— Тысячу разовъ сказывала!
— Что? ахнулъ Тарасъ, — сказывала тебѣ, что тебя любитъ?
— Вѣстимо.
— Да ты лжешь, что-ль?
— Зачѣмъ я буду лгать. Спроси ее самое. Правда, что она не вѣдаетъ про то, что я призналъ въ ней дѣвицу. Она мнѣ сказывала, якобы пріятелю, что меня всякая дѣвица полюбитъ.
Тарасъ долго молчалъ, наконецъ вздохнулъ и всталъ…

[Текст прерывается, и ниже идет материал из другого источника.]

Theorem proposition13 (n m : nat) (hn : (0 < n)%N) (hm : (0 < m)%N)
  (c : word (gen n)) (d : word (gen m))
  (hc : nontriv_cyc_reduced c) (hcb : expsum None c = 0)
  (hd : nontriv_cyc_reduced d) (hdb : expsum None d = 0)
  (alpha : 'I_n -> sym) (alpha' : 'I_m -> sym)
  (A B : nat -> {fset int})
  (ha : admissible c alpha) (hA : folner_seq c alpha A)
  (ha' : admissible d alpha') (hB : folner_seq d alpha' B) :
  let Z := fun s : sym => forall x,
      sf s (wact (interp alpha shift) c x) = wact (interp alpha' shift) d (sf s x) in
  generic_in Z (fun s => Z s /\
    exists kk : nat -> nat,
      [/\ (forall l, (kk l < kk l.+1)%N), (forall l, (0 < kk l)%N)
        & forall l, [fset sf s x | x in A (kk l)] = B (kk l)]).
Proof.
move=> Z; case: hA => _ A_disj A_card A_fix; case: hB => _ B_disj B_card B_fix.
pose fc := wact (interp alpha shift) c; pose fd := wact (interp alpha' shift) d.
apply: (generic_in_cap_open_dense (U := matches_beyond fc fd A B)).
- exact: matches_beyond_open.
- by apply: matches_beyond_dense; first exact: wact_inj.
move=> s; rewrite -[Z s]/(intertwines fc fd s); split.
  move=> [Is [kk [kk_incr kk_gt0 skk]]]; split=> // N; split=> //.
  by move: N; apply/(increasing_seq_iff (matches_at A B s)); exists kk.
move=> [Is hs]; split=> //.
have [|kk [kk_incr Pkk]] := (increasing_seq_iff (matches_at A B s)).1.
  by move=> N; have [_] := hs N.
by exists kk; split=> l; case: (Pkk l).
Qed.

— Ну, прости, сынокъ, я на два дня опять отлучусь по дѣлу. Если нарвусь на воеводскихъ да засадятъ меня, не пугайся — я опять уйду; не въ-первой!
— Ладно! равнодушно произнесъ Петрынь, вѣрившій въ ловкость и опытность отца-атамана.
Тарасъ вошелъ въ домъ къ Устѣ.
— Прости, дѣвушка, произнесъ онъ, я на два дня отлучуся опять; дѣло есть.
Сердце защемило у Усти отъ этихъ словъ. Вспомнилось ей прощанье въ степи со Стенькой, но то было легче; теперь холодомъ охватило ее всю…
— Зачѣмъ, куда… прошептала она, будто ослабѣвъ вдругъ.
— Нужда. Дѣло. Если нарвусь на начальство, вы живо ко двору утекайте, а я выберусь, и васъ еще, поди, въ пути догоню. Не въ-первой мнѣ… Ну, а коли мнѣ не сдобровать… помни свое обѣщанье… живите счастливо и меня добромъ поминайте, какъ дѣтямъ слѣдуетъ — выходи вотъ замужъ за моего Петрыня.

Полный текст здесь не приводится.